=== Data to process ===
(* Let $\mathbb{E}$ be a finite-dimensional Euclidean space, $\mathcal{K}\subseteq\mathbb{E}$ a closed convex cone, $\mathcal{A}:\mathbb{E}\to\mathbb{R}^m$ a surjective linear map and $b\in\mathbb{R}^m$, and let $\mathcal{F}=\{x\in\mathcal{K}:\mathcal{A}x=b\}\neq\emptyset$. Suppose strict feasibility fails for $\mathcal{F}$. Let $\{y^i\}_{i=1}^k$ be the vectors obtained by a facial reduction process applied to $\mathcal{F}$, let $\bar{\mathcal{K}}=\mathcal{K}\cap\bigcap_{i=1}^k(\mathcal{A}^*y^i)^\perp$ and $\bar{\mathbb{E}}=\operatorname{span}(\bar{\mathcal{K}})$. Then the restriction $\bar{\mathcal{A}}:\bar{\mathbb{E}}\to\mathbb{R}^m$ of $\mathcal{A}$ to $\bar{\mathbb{E}}$ is not surjective. In other words, the equality constraint system in $\{x\in\bar{\mathcal{K}}:\mathcal{A}x=b\}$ contains redundant constraints.
   Context: Strict feasibility of $\{x\in C:\mathcal{A}x=b\}$ with respect to a closed convex cone $C$ means that this set contains a point of $\operatorname{relint}(C)$. For a cone $C$, $C^*=\{z:\langle z,x\rangle\ge0\ \forall x\in C\}$ is the dual cone and $C^\perp$ its orthogonal complement; $v^\perp=\{v\}^\perp$. Facial reduction process: set $\mathcal{K}^0=\mathcal{K}$, $\mathcal{F}^0=\mathcal{F}$, $k=0$; while strict feasibility fails for $\mathcal{F}^k=\{x\in\mathcal{K}^k:\mathcal{A}x=b\}$ with respect to $\mathcal{K}^k$, increase $k$ by one, choose $y^k\in\mathbb{R}^m$ with $\mathcal{A}^*y^k\in(\mathcal{K}^{k-1})^*\setminus(\mathcal{K}^{k-1})^\perp$ and $\langle b,y^k\rangle=0$, and set $\mathcal{K}^k=\mathcal{K}^{k-1}\cap(\mathcal{A}^*y^k)^\perp$. (Such $y^k$ exists whenever strict feasibility fails.) The process returns the vectors $y^1,\dots,y^k$ at termination. *)

From HB Require Import structures.
From mathcomp Require Import all_boot all_order all_algebra.
From mathcomp Require Import all_classical all_reals all_analysis.
Set Implicit Arguments. Unset Strict Implicit. Unset Printing Implicit Defensive.
Import Order.TTheory GRing.Theory Num.Theory.
Import numFieldNormedType.Exports.
Local Open Scope classical_set_scope.
Local Open Scope ring_scope.

(* Euclidean space E = R^n realised as row vectors 'rV[R]_n with the
   standard inner product; a linear map A : E -> R^m is the matrix
   A : 'M_(n,m) acting by x |-> x *m A; its adjoint is y |-> y *m A^T. *)

Section FR.
Variables (R : realType) (n m : nat).

Definition inner (k : nat) (z x : 'rV[R]_k) : R := \sum_(i < k) z 0 i * x 0 i.

Definition linmap (A : 'M[R]_(n, m)) (x : 'rV[R]_n) : 'rV[R]_m := x *m A.
Definition adjoint (A : 'M[R]_(n, m)) (y : 'rV[R]_m) : 'rV[R]_n := y *m A^T.

Definition is_convex (C : set 'rV[R]_n) : Prop :=
  forall x y t, C x -> C y -> 0 <= t <= 1 -> C (t *: x + (1 - t) *: y).

Definition is_cone (C : set 'rV[R]_n) : Prop :=
  forall x t, C x -> 0 <= t -> C (t *: x).

Definition is_closed_convex_cone (C : set 'rV[R]_n) : Prop :=
  [/\ closed C, is_convex C & is_cone C].

Definition lin_span (S : set 'rV[R]_n) : set 'rV[R]_n :=
  [set x | exists s : seq (R * 'rV[R]_n),
     (forall p, p \in s -> S p.2) /\ x = \sum_(p <- s) p.1 *: p.2].

Definition aff (S : set 'rV[R]_n) : set 'rV[R]_n :=
  [set x | exists s : seq (R * 'rV[R]_n),
     [/\ (forall p, p \in s -> S p.2), \sum_(p <- s) p.1 = 1
       & x = \sum_(p <- s) p.1 *: p.2]].

Definition relint (C : set 'rV[R]_n) : set 'rV[R]_n :=
  [set x | C x /\ exists2 e : R, 0 < e & ball x e `&` aff C `<=` C].

Definition dual_cone (C : set 'rV[R]_n) : set 'rV[R]_n :=
  [set z | forall x, C x -> 0 <= inner z x].

Definition orth (C : set 'rV[R]_n) : set 'rV[R]_n :=
  [set z | forall x, C x -> inner z x = 0].

Definition strictly_feasible (C : set 'rV[R]_n) (A : 'M[R]_(n, m))
  (b : 'rV[R]_m) : Prop :=
  exists x, relint C x /\ linmap A x = b.

Definition reduced_cone (K : set 'rV[R]_n) (A : 'M[R]_(n, m))
  (ys : seq 'rV[R]_m) : set 'rV[R]_n :=
  [set x | K x /\ forall y, y \in ys -> inner (adjoint A y) x = 0].

(* ys = [:: y^1; ...; y^k] is the output of a (terminated) facial
   reduction process applied to {x in K : A x = b}: at each step i the
   current problem is not strictly feasible and y^i is a valid reducing
   certificate; at termination the final problem is strictly feasible. *)
Definition facial_reduction_output (K : set 'rV[R]_n) (A : 'M[R]_(n, m))
  (b : 'rV[R]_m) (ys : seq 'rV[R]_m) : Prop :=
  (forall i, (i < size ys)%N ->
     let Kprev := reduced_cone K A (take i ys) in
     let yi := nth 0 ys i in
     [/\ ~ strictly_feasible Kprev A b,
         dual_cone Kprev (adjoint A yi),
         ~ orth Kprev (adjoint A yi)
       & inner b yi = 0])
  /\ strictly_feasible (reduced_cone K A ys) A b.

End FR.

From HB Require Import structures.
From mathcomp Require Import all_boot all_order all_algebra.
From mathcomp Require Import all_classical all_reals all_analysis.
Import Order.TTheory GRing.Theory Num.Theory.
Local Open Scope classical_set_scope.
Local Open Scope ring_scope.

(* The first certificate y^1 of a nonempty facial reduction sequence has
   A^* y^1 orthogonal to the reduced cone, hence to its span E-bar.  If A
   mapped E-bar onto R^m, some x in E-bar would satisfy A x = y^1, and then
   |y^1|^2 = <y^1, A x> = <A^* y^1, x> = 0, so A^* y^1 = 0 lies in the
   orthogonal complement of the cone, contradicting the choice of y^1.  An
   empty sequence is impossible since K itself is not strictly feasible. *)

Section Inner.
Context {R : realType}.

Lemma inner_mxE k (z x : 'rV[R]_k) : inner z x = (z *m x^T) 0 0.
Proof. by rewrite /inner mxE; apply: eq_bigr => i _; rewrite mxE. Qed.

Lemma inner0l k (x : 'rV[R]_k) : inner 0 x = 0.
Proof. by rewrite inner_mxE mul0mx mxE. Qed.

Lemma inner_sumr k (z : 'rV[R]_k) (s : seq (R * 'rV[R]_k)) :
  inner z (\sum_(p <- s) p.1 *: p.2) = \sum_(p <- s) p.1 * inner z p.2.
Proof.
rewrite inner_mxE raddf_sum /= mulmx_sumr summxE.
by apply: eq_bigr => p _; rewrite linearZ /= -scalemxAr mxE inner_mxE.
Qed.

Lemma inner_self_eq0 k (y : 'rV[R]_k) : inner y y = 0 -> y = 0.
Proof.
move=> /psumr_eq0P yy0; apply/rowP => i; rewrite mxE.
have /eqP := yy0 (fun j _ => sqr_ge0 (y 0 j)) i isT.
by rewrite mulf_eq0 orbb => /eqP.
Qed.

Lemma inner_adjoint n m (A : 'M[R]_(n, m)) y x :
  inner (adjoint A y) x = inner y (linmap A x).
Proof. by rewrite !inner_mxE /adjoint /linmap trmx_mul mulmxA. Qed.

Lemma adjoint0 n m (A : 'M[R]_(n, m)) : adjoint A 0 = 0.
Proof. exact: mul0mx. Qed.

End Inner.

Section Orthogonality.
Context {R : realType} {n m : nat}.
Implicit Types (S : set 'rV[R]_n) (A : 'M[R]_(n, m)).

Lemma orth0 S : orth S 0.
Proof. by move=> x _; exact: inner0l. Qed.

Lemma orth_lin_span S z : orth S z -> orth (lin_span S) z.
Proof.
move=> zS _ [s [sS ->]]; rewrite inner_sumr big_seq big1 // => p ps.
by rewrite zS ?mulr0 //; exact: sS.
Qed.

Lemma orth_adjoint_onto_eq0 {S A y} :
  orth S (adjoint A y) -> (exists2 x, lin_span S x & linmap A x = y) -> y = 0.
Proof.
move=> /orth_lin_span Ay_orth [x Sx Axy]; apply: inner_self_eq0.
by rewrite -[in X in inner _ X]Axy -inner_adjoint; exact: Ay_orth.
Qed.

Lemma reduced_cone_nil (K : set 'rV[R]_n) A : reduced_cone K A [::] = K.
Proof. by rewrite eqEsubset; split=> [x []//|x Kx]; split. Qed.

Lemma orth_reduced_cone (K : set 'rV[R]_n) A ys y :
  y \in ys -> orth (reduced_cone K A ys) (adjoint A y).
Proof. by move=> ys_y x [_]; apply. Qed.

End Orthogonality.

Theorem theorem3p5 (R : realType) (n m : nat) (K : set 'rV[R]_n)
  (A : 'M[R]_(n, m)) (b : 'rV[R]_m) (ys : seq 'rV[R]_m) :
  is_closed_convex_cone K ->
  (forall c : 'rV[R]_m, exists x, linmap A x = c) ->
  (exists x, K x /\ linmap A x = b) ->
  ~ strictly_feasible K A b ->
  facial_reduction_output K A b ys ->
  ~ (forall c : 'rV[R]_m,
       exists x, lin_span (reduced_cone K A ys) x /\ linmap A x = c).
Proof.
move=> _ _ _ K_not_sf [steps final_sf] onto.
case: ys steps final_sf onto => [|y ys] steps final_sf onto.
  by apply: K_not_sf; move: final_sf; rewrite reduced_cone_nil.
have [_ _ Ay_not_orth _] := steps 0%N isT.
have Ay_orth : orth (reduced_cone K A (y :: ys)) (adjoint A y).
  by apply: orth_reduced_cone; exact: mem_head.
have y0 : y = 0.
  apply: (orth_adjoint_onto_eq0 Ay_orth).
  by have [x [span_x Axy]] := onto y; exists x.
by apply: Ay_not_orth; rewrite y0 adjoint0; exact: orth0.
Qed.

=== What the task asks ===
The response must contain every line from the listing above in which the string "have" appears.

=== Result ===
have /eqP := yy0 (fun j _ => sqr_ge0 (y 0 j)) i isT.
have [_ _ Ay_not_orth _] := steps 0%N isT.
have Ay_orth : orth (reduced_cone K A (y :: ys)) (adjoint A y).
have y0 : y = 0.
  by have [x [span_x Axy]] := onto y; exists x.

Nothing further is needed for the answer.